Intraoperative Imaging in Hepatopancreatobiliary Surgery.
Document Type
Article
Source
Cancers. Jul2023, Vol. 15 Issue 14, p3694. 17p.
Subject
*PANCREATIC tumors
*OPERATING rooms
*LIVER tumors
*ULTRASONIC imaging
*INTRAOPERATIVE care
*INFLAMMATION
*INDIVIDUALIZED medicine
*FIBROSIS
*ACCURACY
*CONTRAST media
*DIAGNOSTIC imaging
*NANOMEDICINE
*FLUORESCENT dyes
BILE duct tumors
Language
ISSN
2072-6694
Abstract
Simple Summary: There is evidence that oncological radicality with complete tumor removal may improve the survival of patients undergoing surgery for hepatopancreatobiliary malignancies. However, the complexity of vital vascular structures close to or embedded within the pancreas and the liver may increase both the surgical difficulty and the risk of achieving a non-radical resection. Preoperative staging after neoadjuvant therapy is usually challenged by the inability of correctly used imaging methods to distinguish vital tumors from fibrosis. Additionally, the inability to define the exact tumor borders often transfers to the operating room as well. Recently, more research has focused on the development of novel intraoperative imaging modalities and targeted contrast agents to improve preoperative and intraoperative diagnostics. We review current advances made in preclinical research and discuss clinical possibilities and future perspectives, including the characteristics of the ideal contrast agent. Hepatopancreatobiliary surgery belongs to one of the most complex fields of general surgery.

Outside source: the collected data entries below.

Lemma localize p lambda E eps T : Rbar_le (Finite 1) p -> 0 < eps -> 0 <= T ->
  exists L : nat, forall V x t, lp_norm p x = Finite 1 ->
    lp_norm p (schr lambda E V x) = Finite t -> t <= T ->
    exists c t', attained_on p lambda E V c L t' /\ t' <= t + eps.
Proof.
  intros Hp He HT. destruct p as [r| |]; simpl in Hp; try contradiction.
  - apply localize_fin; auto.
  - apply localize_inf; auto.
Qed.

(** * Continued fractions *)

Lemma frac_part_bounds r : 0 <= frac_part r < 1.
Proof. pose proof (base_fp r). lra. Qed.

Lemma frac_part_add_IZR w z : 0 <= w < 1 -> frac_part (w + IZR z) = w.
Proof.
  intros H. symmetry. apply (proj2 (Int_part_frac_part_spec (w + IZR z) z w H ltac:(ring))).
Qed.

Lemma mobius_step alpha p p' q q' t a : 0 < t -> 0 < q + q' * t ->
  alpha = (p + p' * t) / (q + q' * t) ->
  alpha = ((a * p + p') + p * (/ t - a)) / ((a * q + q') + q * (/ t - a)).
Proof.
  intros Ht Hd ->.
  replace ((a * q + q') + q * (/ t - a)) with ((q + q' * t) / t) by (field; lra).
  field. split; lra.
Qed.

Lemma Rinv_lt_swap eps x : 0 < eps -> / eps < x -> / x < eps.
Proof.
  intros He Hx. pose proof (Rinv_0_lt_compat eps He).
  rewrite <- (Rinv_inv eps). apply Rinv_lt_contravar; [apply Rmult_lt_0_compat|]; lra.
Qed.


Section ContinuedFraction.
Variable alpha : R.

Definition gauss_iter (n : nat) : R := Nat.iter n gauss alpha.
Definition cf_digitZ (n : nat) : Z := Int_part (/ gauss_iter n).

Fixpoint cf_pqZ (n : nat) : (Z * Z) * (Z * Z) :=
  match n with
  | O => ((1, 0), (0, 1))%Z
  | S m => let '((p', q'), (p, q)) := cf_pqZ m in
           ((p, q), (cf_digitZ m * p + p', cf_digitZ m * q + q'))%Z
  end.

Definition cf_p (n : nat) : Z := fst (snd (cf_pqZ n)).
Definition cf_q (n : nat) : Z := snd (snd (cf_pqZ n)).
Definition cf_p_prev (n : nat) : Z := fst (fst (cf_pqZ n)).
Definition cf_q_prev (n : nat) : Z := snd (fst (cf_pqZ n)).

Lemma cf_pqZ_S n :
  cf_p (S n) = (cf_digitZ n * cf_p n + cf_p_prev n)%Z /\
  cf_q (S n) = (cf_digitZ n * cf_q n + cf_q_prev n)%Z /\
  cf_p_prev (S n) = cf_p n /\ cf_q_prev (S n) = cf_q n.
Proof.
  unfold cf_p, cf_q, cf_p_prev, cf_q_prev. simpl.
  destruct (cf_pqZ n) as [[p' q'] [p q]]. simpl. auto.
Qed.

Lemma cf_pq_IZR n : cf_pq alpha n =
  ((IZR (cf_p_prev n), IZR (cf_q_prev n)), (IZR (cf_p n), IZR (cf_q n))).
Proof.
  induction n; [reflexivity|].
  simpl. rewrite IHn. destruct (cf_pqZ_S n) as (-> & -> & -> & ->).
  rewrite !plus_IZR, !mult_IZR. reflexivity.
Qed.

Lemma cf_approx_IZR n : cf_approx alpha n = IZR (cf_p n) / IZR (cf_q n).
Proof. unfold cf_approx. rewrite cf_pq_IZR. reflexivity. Qed.

Definition cf_invariant (n : nat) : Prop :=
  0 < gauss_iter n < 1 /\ (Z.max 1 (Z.of_nat n) <= cf_q n)%Z /\ (0 <= cf_q_prev n)%Z /\
  ((1 <= n)%nat -> (1 <= cf_q_prev n)%Z) /\
  (cf_p n * cf_q_prev n - cf_p_prev n * cf_q n = 1 \/
   cf_p n * cf_q_prev n - cf_p_prev n * cf_q n = -1)%Z /\
  alpha = (IZR (cf_p n) + IZR (cf_p_prev n) * gauss_iter n)
          / (IZR (cf_q n) + IZR (cf_q_prev n) * gauss_iter n).

Hypothesis alpha_irr : irrational alpha.
Hypothesis alpha_01 : 0 <= alpha <= 1.

Lemma cf_invariant_0 : cf_invariant 0.
Proof.
  unfold cf_invariant, gauss_iter, cf_p, cf_q, cf_p_prev, cf_q_prev; simpl.
  split; [|repeat split; try lia; field].
  split; apply Rnot_le_lt; intros H; apply alpha_irr.
  - exists 0%Z, 1%Z. split; [lia|]. rewrite (Rle_antisym alpha 0); [field|lra..].
  - exists 1%Z, 1%Z. split; [lia|]. rewrite (Rle_antisym alpha 1); [field|lra..].
Qed.

Lemma cf_invariant_S n : cf_invariant n -> cf_invariant (S n).
Proof.
  intros (Ht & Hq & Hq' & Hq1 & Hdet & Hid).
  destruct (cf_pqZ_S n) as (E1 & E2 & E3 & E4).
  set (t := gauss_iter n) in *. set (a := cf_digitZ n).
  assert (Hinv : 1 < / t) by (rewrite <- Rinv_1; apply Rinv_lt_contravar; lra).
  destruct (base_Int_part (/ t)) as [B1 B2]. change (Int_part (/ t)) with a in B1, B2.
  assert (Ha1 : (1 <= a)%Z) by (assert (Ha0 : 0 < IZR a) by lra; apply lt_IZR in Ha0; lia).
  assert (Ht' : gauss_iter (S n) = / t - IZR a) by reflexivity.
  assert (HqR : 1 <= IZR (cf_q n)) by (apply IZR_le; lia).
  assert (Hq'R : 0 <= IZR (cf_q_prev n)) by (apply IZR_le; lia).
  assert (HaR : 1 <= IZR a) by (apply IZR_le; lia).
  assert (Hid' := mobius_step alpha (IZR (cf_p n)) (IZR (cf_p_prev n)) (IZR (cf_q n))
                    (IZR (cf_q_prev n)) t (IZR a) ltac:(lra) ltac:(nra) Hid).
  assert (Hnz : gauss_iter (S n) <> 0).
  { intros H0. rewrite Ht' in H0. apply alpha_irr.
    exists (cf_p (S n)), (cf_q (S n)). split; [rewrite E2; nia|].
    rewrite Hid', E1, E2, !plus_IZR, !mult_IZR. fold a.
    replace (/ t - IZR a) with 0 by lra. field. nra. }
  pose proof (frac_part_bounds (/ t)).
  unfold cf_invariant. rewrite E1, E2, E3, E4, Ht'. repeat split.
  - destruct (Req_dec (/ t - IZR a) 0); [rewrite <- Ht' in *; tauto|].
    change (frac_part (/ t)) with (/ t - IZR a) in *. lra.
  - change (frac_part (/ t)) with (/ t - IZR a) in *. lra.
  - destruct n; [simpl in *|specialize (Hq1 ltac:(lia))]; nia.
  - lia.
  - intros _. lia.
  - destruct Hdet; [right|left]; lia.
  - rewrite Hid', !plus_IZR, !mult_IZR. reflexivity.
Qed.

Lemma cf_invariant_all n : cf_invariant n.
Proof. induction n; [apply cf_invariant_0|apply cf_invariant_S; auto]. Qed.

Lemma cf_q_ge n : 1 <= IZR (cf_q n) /\ INR n <= IZR (cf_q n).
Proof.
  destruct (cf_invariant_all n) as (_ & Hq & _). rewrite INR_IZR_INZ.
  split; apply IZR_le; lia.
Qed.

Lemma cf_det n : exists sg : Z, (sg = 1 \/ sg = -1)%Z /\
  (cf_p n * cf_q_prev n - cf_p_prev n * cf_q n = sg)%Z.
Proof. destruct (cf_invariant_all n) as (_ & _ & _ & _ & Hd & _). destruct Hd; eauto. Qed.

(* With t = gauss_iter n, the identity alpha = (p + p' t) / (q + q' t) and p q' - p' q = +-1
   give |q alpha - p| = t / (q + q' t) = 1 / (q / t + q'), and q / t + q' > q_{n+1}. *)
Lemma cf_error_bound n :
  0 < Rabs (IZR (cf_q n) * alpha - IZR (cf_p n)) < / IZR (cf_q (S n)).
Proof.
  destruct (cf_invariant_all n) as (Ht & Hq & Hq' & _ & Hdet & Hid).
  destruct (cf_invariant_all (S n)) as (HtS & _).
  destruct (cf_pqZ_S n) as (_ & E2 & _ & _).
  set (t := gauss_iter n) in *. set (a := cf_digitZ n) in *.
  assert (HtS' : gauss_iter (S n) = / t - IZR a) by reflexivity.
  assert (HqR : 1 <= IZR (cf_q n)) by (apply IZR_le; lia).
  assert (Hq'R : 0 <= IZR (cf_q_prev n)) by (apply IZR_le; lia).
  assert (HD : 0 < IZR (cf_q n) + IZR (cf_q_prev n) * t) by nra.
  assert (Habs : Rabs (IZR (cf_q n) * alpha - IZR (cf_p n))
                 = t / (IZR (cf_q n) + IZR (cf_q_prev n) * t)).
  { rewrite Hid.
    replace (IZR (cf_q n) * _ - IZR (cf_p n))
      with (- IZR (cf_p n * cf_q_prev n - cf_p_prev n * cf_q n) * t
            / (IZR (cf_q n) + IZR (cf_q_prev n) * t))
      by (rewrite minus_IZR, !mult_IZR; field; lra).
    unfold Rdiv. rewrite !Rabs_mult, Rabs_Ropp, (Rabs_pos_eq t) by lra.
    rewrite (Rabs_pos_eq (/ _)) by (apply Rlt_le, Rinv_0_lt_compat; lra).
    destruct Hdet as [-> | ->]; rewrite ?Rabs_R1, ?Rabs_m1; ring. }
  rewrite Habs. split; [apply Rdiv_lt_0_compat; lra|].
  rewrite E2, plus_IZR, mult_IZR. fold a.
  rewrite HtS' in HtS.
  assert (Hinv : 1 < / t) by (rewrite <- Rinv_1; apply Rinv_lt_contravar; lra).
  assert (Ha : 0 < IZR a * IZR (cf_q n) + IZR (cf_q_prev n)).
  { assert (0 < IZR a) by lra. nra. }
  assert (Hat : IZR a * t < 1).
  { apply Rmult_lt_reg_r with (/ t); [apply Rinv_0_lt_compat; lra|].
    rewrite Rmult_assoc, Rinv_r, Rmult_1_l, Rmult_1_r by lra. lra. }
  apply Rmult_lt_reg_r with
    ((IZR (cf_q n) + IZR (cf_q_prev n) * t) * (IZR a * IZR (cf_q n) + IZR (cf_q_prev n))).
  - apply Rmult_lt_0_compat; auto.
  - field_simplify; try lra. nra.
Qed.

Lemma cf_approx_error m :
  Rabs (alpha - cf_approx alpha m) * IZR (cf_q m) < / INR (S m).
Proof.
  rewrite cf_approx_IZR. destruct (cf_q_ge m) as [Hq _]. destruct (cf_q_ge (S m)) as [_ HqS].
  destruct (cf_error_bound m) as [_ He].
  replace (Rabs (alpha - IZR (cf_p m) / IZR (cf_q m)) * IZR (cf_q m))
    with (Rabs (IZR (cf_q m) * alpha - IZR (cf_p m))).
  - eapply Rlt_le_trans; [apply He|]. apply Rinv_le_contravar; auto.
    rewrite S_INR. pose proof (pos_INR m). lra.
  - rewrite <- (Rabs_pos_eq (IZR (cf_q m))) at 3 by lra.
    rewrite <- Rabs_mult. f_equal. field. lra.
Qed.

An intricate and vital anatomy is accompanied by difficult distinctions of tumors from fibrosis and inflammation; the identification of precise tumor margins; or small, even disappearing, lesions on currently available imaging. The routine implementation of ultrasound use shifted the possibilities in the operating room, yet more precision is necessary to achieve negative resection margins. Modalities utilizing fluorescent-compatible dyes have proven their role in hepatopancreatobiliary surgery, although this is not yet a routine practice, as there are many limitations. Modalities, such as photoacoustic imaging or 3D holograms, are emerging but are mostly limited to preclinical settings. There is a need to identify and develop an ideal contrast agent capable of differentiating between malignant and benign tissue and to report on the prognostic benefits of implemented intraoperative imaging in order to navigate clinical translation. This review focuses on existing and developing imaging modalities for intraoperative use, tailored to the needs of hepatopancreatobiliary cancers. We will also cover the application of these imaging techniques to theranostics to achieve combined diagnostic and therapeutic potential. [ABSTRACT FROM AUTHOR]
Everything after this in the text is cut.